The complaint of prohibited practices is dismissed.

Dated at Madison, Wisconsin, this 21st day of May, 1997.

WISCONSIN EMPLOYMENT RELATIONS COMMISSION

By Raleigh Jones /s/

Raleigh Jones, Examiner


CITY OF MADISON

MEMORANDUM ACCOMPANYING FINDINGS OF FACT,

CONCLUSION OF LAW AND ORDER

The Pleadings

In its original complaint, the Complainants alleged that the City violated Secs. 111.70(3)(a)1 and 3, Stats., when it failed to place Wenborne on the 1993 promotional lists for lieutenant and division chief because of his past union activities. In its amended complaint, the Complainants alleged that department officials made comments about this pending complaint and gave Wenborne a negative evaluation which resulted in his not being placed on the 1996 lieutenant promotional list because of his past union activities. The City's answer denied it committed any prohibited practices by not promoting Wenborne to either lieutenant or division chief.

POSITIONS OF THE PARTIES

Complainants

It is the Complainants' position that the City violated (3)(a)3 and derivatively (3)(a)1 when it failed to promote Wenborne to either the position of lieutenant in 1993, the position of division chief in 1993, or the position of lieutenant in 1996. According to the Complainants, it established all four elements required for a finding that the City violated Section 111.70(3)(a)3 when it failed to promote Wenborne. Specifically, it asserts that the record establishes that Wenborne engaged in lawful, concerted activity; that the City was aware of that activity; that the City was hostile to that activity; and that the City's failure to promote Wenborne to any of the sought-after positions was based, at least in part, on that hostility.

The Complainants contend that the first element for finding a (3)(a)3 violation is established by the following evidence. First, it notes that Wenborne was on the Union's executive board from 1985 to 1987 and again from 1989 until 1994. Second, it cites Wenborne's involvement in the cross-staffing issue in 1992. The Complainants call specific attention to the fact that he was the facilitator of that committee, the fact that he engaged in public picketing and leafleting concerning the issue, and that he made the overhead graphics that were used at the meeting with members of the city council to educate them on the issue. Third, it notes that Wenborne filed the instant prohibited practice charge in May, 1993. Fourth, it notes that Union president Conway testified that Wenborne was vocal at union meetings. Based on the foregoing, the Complainants characterize Wenborne as a union activist.

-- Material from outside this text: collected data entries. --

(* reach E eps beta K r H : the first r rounds have been executed, each of them
   ended with Status = true, and the current subgraph is H; hence round r+1 is
   executed.  So "round r+1 is executed" iff reach ... r H for some H. *)
Inductive reach (E : {set {set T}}) (eps beta : R) (K : nat) :
    nat -> {set {set T}} -> Prop :=
| reach0 : reach E eps beta K 0 set0
| reachS (r : nat) (H H' : {set {set T}}) : reach E eps beta K r H -> round E eps beta K H H' true ->
    reach E eps beta K r.+1 H'.

End Defs.

(* For c := beta - 2 consider the potential Phi(H) = 2c|H| - sum_v deg_v(H)^2.
   Adding an underfull edge e raises Phi by 2(c - deg_e(H) - 1) > eps beta - 2 >= 2,
   and removing an overfull edge does not lower it, because eps beta >= 4; so every
   round ending with Status = true raises Phi by at least 2.  On the other hand
   Phi(H) <= 2 beta |H|, and if H has no overfull edge then every edge of H meets a
   maximum matching M of H while each g in M meets at most deg_g(H) <= beta edges,
   so |H| <= beta mu(G).  Hence at most beta^2 mu(G) rounds end with Status = true. *)

From HB Require Import structures.
From mathcomp Require Import all_boot all_order all_algebra.
From mathcomp Require Import reals exp.
From mathcomp Require Import lra zify.
Import Order.TTheory GRing.Theory Num.Theory.
Set Implicit Arguments. Unset Strict Implicit. Unset Printing Implicit Defensive.
Local Open Scope ring_scope.

Section Degrees.
Variable T : finType.
Implicit Types (H : {set {set T}}) (e : {set T}).

Lemma degv_set0 (v : T) : degv set0 v = 0%N.
Proof. by apply/eqP; rewrite cards_eq0; apply/eqP/setP => f; rewrite !inE. Qed.

Lemma degv_setU1 H e (v : T) :
  e \notin H -> degv (e |: H) v = (degv H v + (v \in e))%N.
Proof.
move=> eH; rewrite /degv; case: (boolP (v \in e)) => ve.
  have -> : [set f in e |: H | v \in f] = e |: [set f in H | v \in f].
    by apply/setP => f; rewrite !inE; case: eqP => [->|//]; rewrite ve.
  by rewrite cardsU1 inE (negbTE eH) addnC.
have -> : [set f in e |: H | v \in f] = [set f in H | v \in f].
  by apply/setP => f; rewrite !inE; case: eqP => [->|//]; rewrite (negbTE ve) !andbF.
by rewrite addn0.
Qed.

Lemma dege_setU1 H e : e \notin H -> dege (e |: H) e = (dege H e + #|e|)%N.
Proof.
move=> eH; rewrite /dege -sum1_card -big_split /=.
by apply: eq_bigr => v ve; rewrite degv_setU1 // ve.
Qed.

Definition sum_sqdeg H : nat := (\sum_(v : T) degv H v ^ 2)%N.

Lemma sum_sqdeg_set0 : sum_sqdeg set0 = 0%N.
Proof. by rewrite /sum_sqdeg big1 // => v _; rewrite degv_set0. Qed.

Lemma sum_sqdeg_setU1 H e :
  e \notin H -> sum_sqdeg (e |: H) = (sum_sqdeg H + 2 * dege H e + #|e|)%N.
Proof.
move=> eH; rewrite /sum_sqdeg /dege -sum1_card big_distrr /= !(big_mkcond (mem e)).
rewrite -!big_split /=; apply: eq_bigr => v _.
by rewrite degv_setU1 //; case: (v \in e); lia.
Qed.

End Degrees.

Section Potential.
Variables (T : finType) (R : realType).
Implicit Types (H : {set {set T}}) (e f : {set T}) (c eps beta : R).

Definition potential c H : R := 2 * c * #|H|%:R - (sum_sqdeg H)%:R.

Lemma potential_set0 c : potential c set0 = 0.
Proof. by rewrite /potential cards0 sum_sqdeg_set0 mulr0 subrr. Qed.

Lemma potential_le c H : potential c H <= 2 * c * #|H|%:R.
Proof. by rewrite /potential lerBlDr lerDl. Qed.

Lemma potential_setU1 c H e : e \notin H -> #|e| = 2%N ->
  potential c (e |: H) = potential c H + 2 * (c - (dege H e)%:R - 1).
Proof.
by move=> eH e2; rewrite /potential sum_sqdeg_setU1 // cardsU1 eH e2 !natrD /=; lra.
Qed.

Lemma potential_add_underfull c eps beta H e : e \notin H -> #|e| = 2%N ->
  (1 - eps) * beta + 2 <= c -> underfull eps beta H e ->
  potential c H + 2 <= potential c (e |: H).
Proof. by move=> eH e2 hc; rewrite /underfull potential_setU1 //; lra. Qed.

Lemma potential_del_overfull c beta H f : f \in H -> #|f| = 2%N ->
  c <= beta - 1 -> overfull beta H f -> potential c H <= potential c (H :\ f).
Proof.
move=> fH f2 hc; have fHf : f \notin H :\ f by rewrite setD11.
rewrite /overfull -{1 2}(setD1K fH) potential_setU1 // dege_setU1 // f2 natrD.
lra.
Qed.

End Potential.

Section Matchings.
Variable T : finType.
Implicit Types (E H M : {set {set T}}) (e f g : {set T}).

Lemma card_le_mu E M : is_matching E M -> (#|M| <= mu E)%N.
Proof. exact: (leq_bigmax_cond (F := fun M => #|M|)). Qed.

Lemma is_matching_subset E H M : H \subset E -> is_matching H M -> is_matching E M.
Proof. by move=> sHE /andP[sMH dM]; rewrite /is_matching (subset_trans sMH sHE). Qed.

Lemma is_matching1 E e : e \in E -> is_matching E [set e].
Proof.
move=> eE; rewrite /is_matching sub1set eE.
by apply/forall_inP => f /set1P-> /=; apply/forall_inP => g /set1P->; rewrite eqxx.
Qed.

Lemma mu_gt0 E : (0 < #|E|)%N -> (0 < mu E)%N.
Proof.
by case/card_gt0P => e eE; have := card_le_mu (is_matching1 eE); rewrite cards1.
Qed.

Lemma is_matchingU1 H M f : is_matching H M -> f \in H ->
  (forall g, g \in M -> [disjoint f & g]) -> is_matching H (f |: M).
Proof.
move=> /andP[sMH /forall_inP dM] fH dfM.
rewrite /is_matching subUset sub1set fH sMH.
apply/forall_inP => x /setU1P xM; apply/forall_inP => y /setU1P yM; apply/implyP.
case: xM yM => [->|xM] [->|yM]; first by rewrite eqxx.
- by move=> _; apply: dfM.
- by move=> _; rewrite disjoint_sym; apply: dfM.
- by move/forall_inP/(_ y yM)/implyP: (dM x xM).
Qed.

Lemma simple_graph_subset E H : H \subset E -> simple_graph E -> simple_graph H.
Proof. by move=> /subsetP sHE sE e /sHE/sE. Qed.

Lemma maximum_matching_meets H M f : simple_graph H -> is_matching H M ->
  (forall M', is_matching H M' -> (#|M'| <= #|M|)%N) -> f \in H ->
  exists2 g, g \in M & ~~ [disjoint f & g].
Proof.
move=> sH mM maxM fH.
have [/exists_inP //|] := boolP [exists g in M, ~~ [disjoint f & g]].
rewrite negb_exists_in => /forall_inP dfM; have {}dfM g : g \in M -> [disjoint f & g].
  by move/dfM/negPn.
have fM : f \notin M.
  apply/negP => /dfM; rewrite -setI_eq0 setIid => /eqP f0.
  by have := sH f fH; rewrite f0 cards0.
by have := maxM _ (is_matchingU1 mM fH dfM); rewrite cardsU1 fM ltnn.
Qed.

Lemma card_le_sum_dege H M :
  (forall f, f \in H -> exists2 g, g \in M & ~~ [disjoint f & g]) ->
  (#|H| <= \sum_(g in M) dege H g)%N.
Proof.
move=> cover; rewrite -sum1_card.
apply: (@leq_trans (\sum_(f in H) \sum_(g in M) \sum_(v in g) (v \in f))).
  apply: leq_sum => f fH; have [g gM] := cover f fH.
  rewrite -setI_eq0 => /set0Pn[v /setIP[vf vg]].
  by rewrite (bigD1 g) //= (bigD1 v) //= vf -addnA leq_addr.
rewrite exchange_big; apply: leq_sum => g _.
rewrite exchange_big; apply: leq_sum => v _.
rewrite /degv -sum1_card big_mkcond [leqRHS]big_mkcond; apply: leq_sum => f _.
by rewrite inE; case: (f \in H).
Qed.

End Matchings.

Section NoOverfull.
Variables (T : finType) (R : realType).
Implicit Types (E H : {set {set T}}) (beta : R).

Definition no_overfull beta H : Prop := forall f, f \in H -> ~ overfull beta H f.

Lemma card_no_overfull_le E H beta : simple_graph E -> 0 <= beta ->
  H \subset E -> no_overfull beta H -> #|H|%:R <= beta * (mu E)%:R.
Proof.
move=> sE beta0 sHE noH.
have m0 : is_matching H set0.
  by rewrite /is_matching sub0set; apply/forall_inP => e; rewrite inE.
have [M mM maxM] := arg_maxnP (fun M : {set {set T}} => #|M|) m0.
have meets := maximum_matching_meets (simple_graph_subset sHE sE) mM maxM.
have degM : \sum_(g in M) (dege H g)%:R <= \sum_(g in M) beta.
  apply: ler_sum => g gM; rewrite leNgt; apply/negP/noH.
  by case/andP: mM => /subsetP/(_ g gM).
apply: le_trans (_ : _ <= (\sum_(g in M) dege H g)%:R) _.
  by rewrite ler_nat; apply: card_le_sum_dege.
rewrite natr_sum (le_trans degM) // sumr_const -[beta *+ _]mulr_natr.
rewrite ler_wpM2l // ler_nat.
exact/card_le_mu/(is_matching_subset sHE).
Qed.

End NoOverfull.

Section Rounds.
Variables (T : finType) (R : realType) (E : {set {set T}}) (eps beta c : R).
Hypotheses (sE : simple_graph E)
  (c_le : c <= beta - 1) (c_ge : (1 - eps) * beta + 2 <= c).
Implicit Types (H : {set {set T}}).

Lemma cleanup_subset H H' : cleanup beta H H' -> H' \subset H.
Proof.
elim=> // H0 H1 H2 [f _ [_ ->]] _ /subset_trans; apply; exact: subD1set.
Qed.

Lemma cleanup_no_overfull H H' : cleanup beta H H' -> no_overfull beta H'.
Proof. by elim. Qed.

Lemma cleanup_potential H H' : simple_graph H -> cleanup beta H H' ->
  potential c H <= potential c H'.
Proof.
move=> + cl; elim: cl => // H0 H1 H2 [f fH0 [ovf ->]] _ IH sH0.
apply: le_trans (potential_del_overfull fH0 (sH0 f fH0) c_le ovf) (IH _).
exact: simple_graph_subset (subD1set H0 f) sH0.
Qed.

Lemma round_subset k H H' b : round E eps beta k H H' b -> H \subset E -> H' \subset E.
Proof.
elim=> // {}k H0 H1 H2 e b1 b2 eE [[_ [_ [_ cl]]] | [_ [_ ->]]] _ IH sH0; apply: IH => //.
by apply: subset_trans (cleanup_subset cl) _; rewrite subUset sub1set eE.
Qed.

Lemma round_no_overfull k H H' b : round E eps beta k H H' b ->
  no_overfull beta H -> no_overfull beta H'.
Proof.
elim=> // {}k H0 H1 H2 e b1 b2 _ [[_ [_ [_ cl]]] | [_ [_ ->]]] _ IH noH0; apply: IH => //.
exact: cleanup_no_overfull cl.
Qed.

Lemma round_potential k H H' b : round E eps beta k H H' b -> H \subset E ->
  potential c H + 2 *+ b <= potential c H'.
Proof.
elim=> [H0 _|{}k H0 H1 H2 e b1 b2 eE step rd IH sH0]; first by rewrite addr0.
case: step => [[/setDP[_ eH0] [uf [-> cl]]] | [_ [-> eqH]]]; last by subst H1; exact: IH.
have sU : e |: H0 \subset E by rewrite subUset sub1set eE.
have add_e := potential_add_underfull eH0 (sE eE) c_ge uf.
have clean_e := cleanup_potential (simple_graph_subset sU sE) cl.
have rest := IH (subset_trans (cleanup_subset cl) sU).
have b2_ge0 : 0 <= 2 *+ b2 :> R by rewrite mulrn_wge0.
rewrite /= mulr1n; lra.
Qed.

Lemma reach_subset K r H : reach E eps beta K r H -> H \subset E.
Proof.
by elim=> [|{}r H0 H1 _ sH0 rd]; [exact: sub0set | exact: round_subset rd sH0].
Qed.

Lemma reach_no_overfull K r H : reach E eps beta K r H -> no_overfull beta H.
Proof.
elim=> [f|{}r H0 H1 _ noH0 rd]; first by rewrite inE.
exact: round_no_overfull rd noH0.
Qed.

Lemma reach_potential K r H : reach E eps beta K r H -> 2 *+ r <= potential c H.
Proof.
elim=> [|{}r H0 H1 reach0 IH rd]; first by rewrite potential_set0.
by rewrite mulrSr (le_trans _ (round_potential rd (reach_subset reach0))) // lerD2r.
Qed.

End Rounds.

Lemma le_mul_of_div_cube (R : realFieldType) (a eps beta : R) :
  0 <= a -> 0 < eps <= 1 -> a / eps ^+ 3 <= beta -> a <= eps * beta <= beta.
Proof.
move=> a0 /andP[eps0 eps1]; rewrite ler_pdivrMr ?exprn_gt0 // => hb.
have e3 : eps ^+ 3 <= eps by rewrite exprS ler_piMr ?(ltW eps0) // exprn_ile1 // ltW.
have e30 : 0 < eps ^+ 3 by rewrite exprn_gt0.
nra.
Qed.

Theorem lemma3p1 (R : realType) :
  exists c0 C : R, 0 < c0 /\ 0 < C /\
  forall (T : finType) (E : {set {set T}}) (eps beta mustar Deltastar mstar gamma : R),
    simple_graph E -> (0 < #|E|)%N ->
    0 < eps < 1 -> c0 / eps ^+ 3 <= beta ->
    (mu E)%:R / (2 + eps) <= mustar <= #|T|%:R ->
    (2 * #|E|%:R) / #|T|%:R <= Deltastar <= #|T|%:R ->
    #|E|%:R <= mstar ->
    0 < gamma < 1 ->
    forall (r : nat) (H : {set {set T}}),
      reach E eps beta (iters #|T| mstar mustar Deltastar gamma) r H ->
      (r.+1)%:R <= C * beta ^+ 2 * (mu E)%:R.
Proof.
exists 4, 2; do 2!split => //.
move=> T E eps beta mus Ds ms gam sE E0 /andP[eps0 eps1] hbeta _ _ _ _ r H reachH.
have /andP[eps_beta beta_ge] : 4 <= eps * beta <= beta.
  by apply: le_mul_of_div_cube hbeta; rewrite ?eps0 ?ltW.
have mu_ge1 : 1 <= (mu E)%:R :> R by rewrite ler1n mu_gt0.
have c_le : beta - 2 <= beta - 1 by lra.
have c_ge : (1 - eps) * beta + 2 <= beta - 2 by rewrite mulrBl mul1r; lra.
have pot := reach_potential sE c_le c_ge reachH.
have card_H : #|H|%:R <= beta * (mu E)%:R.
  by apply: card_no_overfull_le sE _ (reach_subset reachH) (reach_no_overfull reachH);
     lra.
have := le_trans pot (potential_le _ _); rewrite -mulr_natr -natr1 expr2 => bound.
have h0 : 0 <= #|H|%:R :> R := ler0n _ _.
nra.
Qed.
(* Let $0<\lambda<\sqrt2$. Define coefficients $a_0=a_1=-\dfrac{1}{1-\lambda^2/2}$ and $a_{n+1}=\dfrac{n}{(n+1)(1+\lambda^2 n/2)}\,a_n$ for $n\ge1$, and set $$Y(x)=a_0\ln x+\sum_{n=1}^\infty a_nx^n,\qquad x>0$$ (the series converges for all $x$). Then $Y$ satisfies $\tfrac12\lambda^2x^2Y''+x(1-x)Y'=-1$ on $(0,\infty)$. For $0<\epsilon<1$ let $u(x;\epsilon)$ be the solution of $$\tfrac12\lambda^2x^2u''(x)+x(1-x)u'(x)=-1\ \ (\epsilon<x<1),\qquad u(\epsilon)=0,\ u(1)=0.$$ Then for every $x\in(0,1)$, $$\lim_{\epsilon\to0}u(x;\epsilon)=Y(x)-Y(1),$$ and $u(x):=Y(x)-Y(1)$ solves $\tfrac12\lambda^2x^2u''+x(1-x)u'=-1$ on $(0,1)$ with $u(1)=0$; moreover $u(x)\to\infty$ as $x\to0^+$.
   Context: $u(x;\epsilon)$ is the mean exit time from $(\epsilon,1)$ of the solution of $dX=X(1-X)\,dt+\lambda X\,dB$ (Itô) started at $x$; the limit $u(x)$ is interpreted as the expected time to reach the (rescaled) carrying capacity $x=1$. *)

From Stdlib Require Import Reals Lra.
From Coquelicot Require Import Coquelicot.
Open Scope R_scope.

Fixpoint acoef (lam : R) (n : nat) : R :=
  match n with
  | O => - (1 / (1 - lam ^ 2 / 2))
  | S m =>
      match m with
      | O => - (1 / (1 - lam ^ 2 / 2))
      | S _ => INR m / (INR n * (1 + lam ^ 2 * INR m / 2)) * acoef lam m
      end
  end.

Definition Yfun (lam x : R) : R :=
  acoef lam 0 * ln x + Series (fun n => acoef lam (S n) * x ^ (S n)).

Definition Lop (lam : R) (f : R -> R) (x : R) : R :=
  / 2 * lam ^ 2 * x ^ 2 * Derive (Derive f) x + x * (1 - x) * Derive f x.

Definition solves_at (lam : R) (f : R -> R) (x : R) : Prop :=
  ex_derive f x /\ ex_derive (Derive f) x /\ Lop lam f x = -1.

Definition bvp_solution (lam eps : R) (v : R -> R) : Prop :=
  (forall x, eps < x < 1 -> solves_at lam v x) /\
  filterlim v (at_right eps) (locally (v eps)) /\
  filterlim v (at_left 1) (locally (v 1)) /\
  v eps = 0 /\ v 1 = 0.

(* Write L f = (lam^2/2) x^2 f'' + x (1 - x) f', kappa = 2/lam^2 > 1,
   Y = a_0 ln + P with P(x) = sum_{n>=1} a_n x^n, and Z = Y - Y(1).

   1. The coefficients d_n = (n+1) a_{n+1} of P' satisfy d_0 = a_0 < 0 and
      (1 + lam^2 (n+1)/2) d_{n+1} = d_n.  By d'Alembert P is entire, and the
      recursion is the coefficient form of (lam^2/2) x P'' + (1 - x) P' = a_0,
      which together with a_0 (1 - lam^2/2) = -1 gives L Y = -1 on (0, +oo).
   2. If v solves the problem on (eps, 1), then w = v - Z solves L w = 0, so
      w' = C e^{kappa t} t^{-kappa}.  From w(1-) = 0 we get |w(x)| <= |C| M,
      and since e^{kappa t} t^{-kappa} >= -(kappa - 1) ln t / t the function
      C w + C^2 (kappa - 1)/2 ln^2 is nondecreasing, which compares C w(x)
      with C w(eps) = -C Z(eps).  Eliminating C:
      |w(x)| (L(eps) - M) <= M |Z(eps)|, L(eps) = (kappa - 1)/2 (ln^2 eps - ln^2 x).
   3. Near 0, Z = a_0 ln + O(1): |Z(eps)| grows like |ln eps| and L(eps) like
      ln^2 eps, so w(x) -> 0 as eps -> 0+; also Z -> +oo at 0+. *)

From Stdlib Require Import Reals Lra Lia FunctionalExtensionality.
From Coquelicot Require Import Coquelicot.
Open Scope R_scope.

Lemma Derive_sub_const (f : R -> R) (c : R) : Derive (fun y => f y - c) = Derive f.
Proof.
  apply functional_extensionality; intros x.
  unfold Derive; f_equal; apply Lim_ext; intros h; f_equal; ring.
Qed.

Lemma exp_monotone (a b : R) : a <= b -> exp a <= exp b.
Proof. intros [h | ->]; [left; now apply exp_increasing | right; reflexivity]. Qed.

Lemma mean_value (f df : R -> R) (a b : R) : a <= b ->
  (forall t, a <= t <= b -> is_derive f t (df t)) ->
  exists c, a <= c <= b /\ f b - f a = df c * (b - a).
Proof.
  intros hab hd.
  destruct (MVT_gen f a b df) as [c [hc1 hc2]].
  - intros t ht; rewrite Rmin_left, Rmax_right in ht by lra; apply hd; lra.
  - intros t ht; rewrite Rmin_left, Rmax_right in ht by lra.
    assert (hdt : ex_derive f t) by (eexists; apply hd; lra).
    apply continuity_pt_filterlim; exact (ex_derive_continuous f t hdt).
  - rewrite Rmin_left, Rmax_right in hc1 by lra; eauto.
Qed.

Lemma increment_bound (f df : R -> R) (a b B : R) : a <= b ->
  (forall t, a <= t <= b -> is_derive f t (df t)) ->
  (forall t, a <= t <= b -> Rabs (df t) <= B) -> Rabs (f b - f a) <= B * (b - a).
Proof.
  intros hab hd hB; destruct (mean_value f df a b hab hd) as [c [hc ->]].
  rewrite Rabs_mult, (Rabs_pos_eq (b - a)) by lra.
  apply Rmult_le_compat_r; [lra | auto].
Qed.

Lemma derive_nonneg_monotone (f df : R -> R) (a b : R) : a <= b ->
  (forall t, a <= t <= b -> is_derive f t (df t)) ->
  (forall t, a <= t <= b -> 0 <= df t) -> f a <= f b.
Proof.
  intros hab hd hpos; destruct (mean_value f df a b hab hd) as [c [hc he]].
  assert (0 <= df c * (b - a)) by (apply Rmult_le_pos; [apply hpos | lra]; auto).
  lra.
Qed.

Lemma derive_zero_constant (f : R -> R) (a b s t : R) :
  (forall y, a < y < b -> is_derive f y 0) -> a < s < b -> a < t < b -> f s = f t.
Proof.
  intros hd hs ht.
  assert (key : forall p q, a < p <= q -> q < b -> f p = f q).
  { intros p q hp hq.
    destruct (mean_value f (fun _ => 0) p q) as [c [_ hc]]; [lra | |].
    - intros y hy; apply hd; lra.
    - lra. }
  destruct (Rle_or_lt s t); [apply key | symmetry; apply key]; lra.
Qed.

Lemma lim_plus {F : (R -> Prop) -> Prop} {FF : Filter F} (f g : R -> R) (a b : R) :
  filterlim f F (locally a) -> filterlim g F (locally b) ->
  filterlim (fun y => f y + g y) F (locally (a + b)).
Proof. intros hf hg; eapply filterlim_comp_2; eauto; apply (filterlim_plus a b). Qed.

Lemma lim_minus {F : (R -> Prop) -> Prop} {FF : Filter F} (f g : R -> R) (a b : R) :
  filterlim f F (locally a) -> filterlim g F (locally b) ->
  filterlim (fun y => f y - g y) F (locally (a - b)).
Proof.
  intros hf hg; apply lim_plus; auto.
  eapply filterlim_comp; eauto; apply (filterlim_opp b).
Qed.

Lemma lim_scal {F : (R -> Prop) -> Prop} {FF : Filter F} (f : R -> R) (c a : R) :
  filterlim f F (locally a) -> filterlim (fun y => c * f y) F (locally (c * a)).
Proof. intros hf; eapply filterlim_comp; eauto; apply (filterlim_scal_r c a). Qed.

Lemma ex_derive_lim_within (f : R -> R) (x : R) (D : R -> Prop) :
  ex_derive f x -> filterlim f (within D (locally x)) (locally (f x)).
Proof.
  intros h; apply ex_derive_continuous in h.
  eapply filterlim_filter_le_1; [apply filter_le_within | exact h].
Qed.

Lemma limit_abs_bound {F : (R -> Prop) -> Prop} {FF : ProperFilter F}
  (f : R -> R) (l a B : R) :
  filterlim f F (locally l) -> F (fun y => Rabs (f y - a) <= B) -> Rabs (l - a) <= B.
Proof.
  intros hf hB.
  assert (hlo : Rbar_le (a - B) l).
  { refine (filterlim_le (fun _ => a - B) f (a - B) l _ (filterlim_const _) hf).
    generalize hB; apply filter_imp; intros y hy; apply Rabs_le_between' in hy; lra. }
  assert (hhi : Rbar_le l (a + B)).
  { refine (filterlim_le f (fun _ => a + B) l (a + B) _ hf (filterlim_const _)).
    generalize hB; apply filter_imp; intros y hy; apply Rabs_le_between' in hy; lra. }
  simpl in hlo, hhi; apply Rabs_le; lra.
Qed.

Lemma inside_infinite_radius (a : nat -> R) (x : R) :
  CV_radius a = p_infty -> Rbar_lt (Rabs x) (CV_radius a).
Proof. intros ->; exact I. Qed.

Lemma lam2_bounds (lam : R) : 0 < lam < sqrt 2 -> 0 < lam ^ 2 < 2.
Proof.
  intros [h0 h2]; split; [apply pow_lt; lra |].
  rewrite <- (sqrt_sqrt 2) by lra; simpl; rewrite Rmult_1_r.
  apply Rmult_le_0_lt_compat; lra.
Qed.

Definition Pcoef (lam : R) : nat -> R := PS_incr_1 (fun n => acoef lam (S n)).
Definition Dcoef (lam : R) : nat -> R := PS_derive (Pcoef lam).

Lemma Yfun_decomp (lam x : R) : Yfun lam x = acoef lam 0 * ln x + PSeries (Pcoef lam) x.
Proof.
  unfold Yfun, PSeries; f_equal.
  rewrite (Series_incr_1_aux (fun k => Pcoef lam k * x ^ k)); [reflexivity |].
  unfold Pcoef, PS_incr_1; simpl; unfold zero; simpl; ring.
Qed.

Definition Yder1 (lam y : R) : R := acoef lam 0 / y + PSeries (Dcoef lam) y.
Definition Yder2 (lam y : R) : R :=
  - acoef lam 0 / y ^ 2 + PSeries (PS_derive (Dcoef lam)) y.

Section SeriesSolution.

Variable lam : R.
Hypothesis hlam : 0 < lam ^ 2 < 2.

Lemma acoef0_eq : acoef lam 0 * (1 - lam ^ 2 / 2) = -1.
Proof. change (acoef lam 0) with (- (1 / (1 - lam ^ 2 / 2))); field; lra. Qed.

Lemma acoef0_neg : acoef lam 0 < 0.
Proof. pose proof acoef0_eq; nra. Qed.

Lemma Dcoef_0 : Dcoef lam 0 = acoef lam 0.
Proof. unfold Dcoef, PS_derive; simpl; ring. Qed.

Lemma Dcoef_rec (n : nat) : (1 + lam ^ 2 / 2 * INR (S n)) * Dcoef lam (S n) = Dcoef lam n.
Proof.
  unfold Dcoef, PS_derive, Pcoef, PS_incr_1.
  change (acoef lam (S (S n))) with
    (INR (S n) / (INR (S (S n)) * (1 + lam ^ 2 * INR (S n) / 2)) * acoef lam (S n)).
  assert (0 < INR (S n)) by (apply lt_0_INR; lia).
  assert (0 < INR (S (S n))) by (apply lt_0_INR; lia).
  assert (0 < lam ^ 2 * INR (S n)) by (apply Rmult_lt_0_compat; lra).
  field; lra.
Qed.

Lemma Dcoef_neg (n : nat) : Dcoef lam n < 0.
Proof.
  induction n as [| n IH].
  - rewrite Dcoef_0; exact acoef0_neg.
  - pose proof (Dcoef_rec n); pose proof (pos_INR (S n)).
    assert (0 <= lam ^ 2 / 2 * INR (S n)) by (apply Rmult_le_pos; lra).
    nra.
Qed.

(* d'Alembert: |d_{n+1} / d_n| = 1 / (1 + lam^2 (n+1)/2) -> 0. *)
Lemma Dcoef_radius : CV_radius (Dcoef lam) = p_infty.
Proof.
  apply CV_radius_infinite_DAlembert.
  - intros n; pose proof (Dcoef_neg n); lra.
  - apply is_lim_seq_le_le with (u := fun _ => 0)
      (w := fun n => 2 / lam ^ 2 * / INR (S n)).
    + intros n.
      pose proof (Dcoef_neg (S n)).
      assert (hs : 0 < INR (S n)) by (apply lt_0_INR; lia).
      assert (hq : 0 < lam ^ 2 / 2 * INR (S n)) by (apply Rmult_lt_0_compat; lra).
      replace (Dcoef lam (S n) / Dcoef lam n) with (/ (1 + lam ^ 2 / 2 * INR (S n)))
        by (rewrite <- (Dcoef_rec n); field; lra).
      rewrite Rabs_pos_eq by (left; apply Rinv_0_lt_compat; lra).
      split; [left; apply Rinv_0_lt_compat; lra |].
      replace (2 / lam ^ 2 * / INR (S n)) with (/ (lam ^ 2 / 2 * INR (S n)))
        by (field; split; [lra | intros ->; simpl in hlam; lra]).
      apply Rinv_le_contravar; lra.
    + apply is_lim_seq_const.
    + replace (Finite 0) with (Rbar_mult (2 / lam ^ 2) 0) by (simpl; f_equal; ring).
      apply is_lim_seq_scal_l.
      replace (Finite 0) with (Rbar_inv p_infty) by reflexivity.
      apply is_lim_seq_inv; [| discriminate].
      apply -> (is_lim_seq_incr_1 INR); apply is_lim_seq_INR.
Qed.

Next, the Complainants assert that the second element for finding a (3)(a)3 violation is established by the following evidence. First, the Complainants note that Wenborne, Chief Roberts and Assistant Chief Vorlander were present at the meeting with the city council members on the cross-staffing matter. Wenborne felt that Vorlander snubbed him at the meeting because Vorlander did not make eye contact with him. In the Complainants opinion, this establishes that the Employer was aware of Wenborne's involvement in the cross-staffing matter. Second, the Complainants cite Lieutenant Payas' testimony that when division chiefs Aldworth and Bavery evaluated Wenborne as part of the 1996 lieutenant promotion process, they told him they knew about Wenborne's pending prohibited practice charge and Wenborne's work on the cross-staffing matter. The Complainants believe this also proves that the Employer was aware of Wenborne's union activity.

The Complainants contend that the third element for finding a (3)(a)3 violation is established by the following evidence. First, they cite PFC Commissioner Michael Christopher's testimony that at a 1992 PFC meeting, Chief Roberts said "that he wanted to promote only those persons who would reflect his opinion about how to run the fire department." The Complainants aver that since Roberts reacted defensively to Christopher's statement that Roberts wanted to be surrounded by "yes men", he must have in fact wanted to promote only those "yes men" who would reflect his opinion about how to run the fire department. The Complainants then make the assertion that Wenborne was not a "yes man". Joining these two points together, the Complainants assert this proves that Roberts was hostile to Wenborne's union activities. Second, the Complainants cite Kent Anderson's testimony that in 1993 after he selected Wenborne to co-teach a class at MATC for the department's new recruits, Vorlander called him and asked him to not have Wenborne teach the class. According to the Complainants, this event shows Vorlander's hostility toward Wenborne. Finally, the Complainants contend division chiefs Aldworth and Bavery were also hostile toward Wenborne's union activities, specifically filing the instant prohibited practice complaint in 1993 and serving on the union's special cross-staffing committee in 1992. As the Complainants see it, the hostility these management officials had for Wenborne showed itself when the instant promotional opportunities came along and Wenborne was not selected for any of them.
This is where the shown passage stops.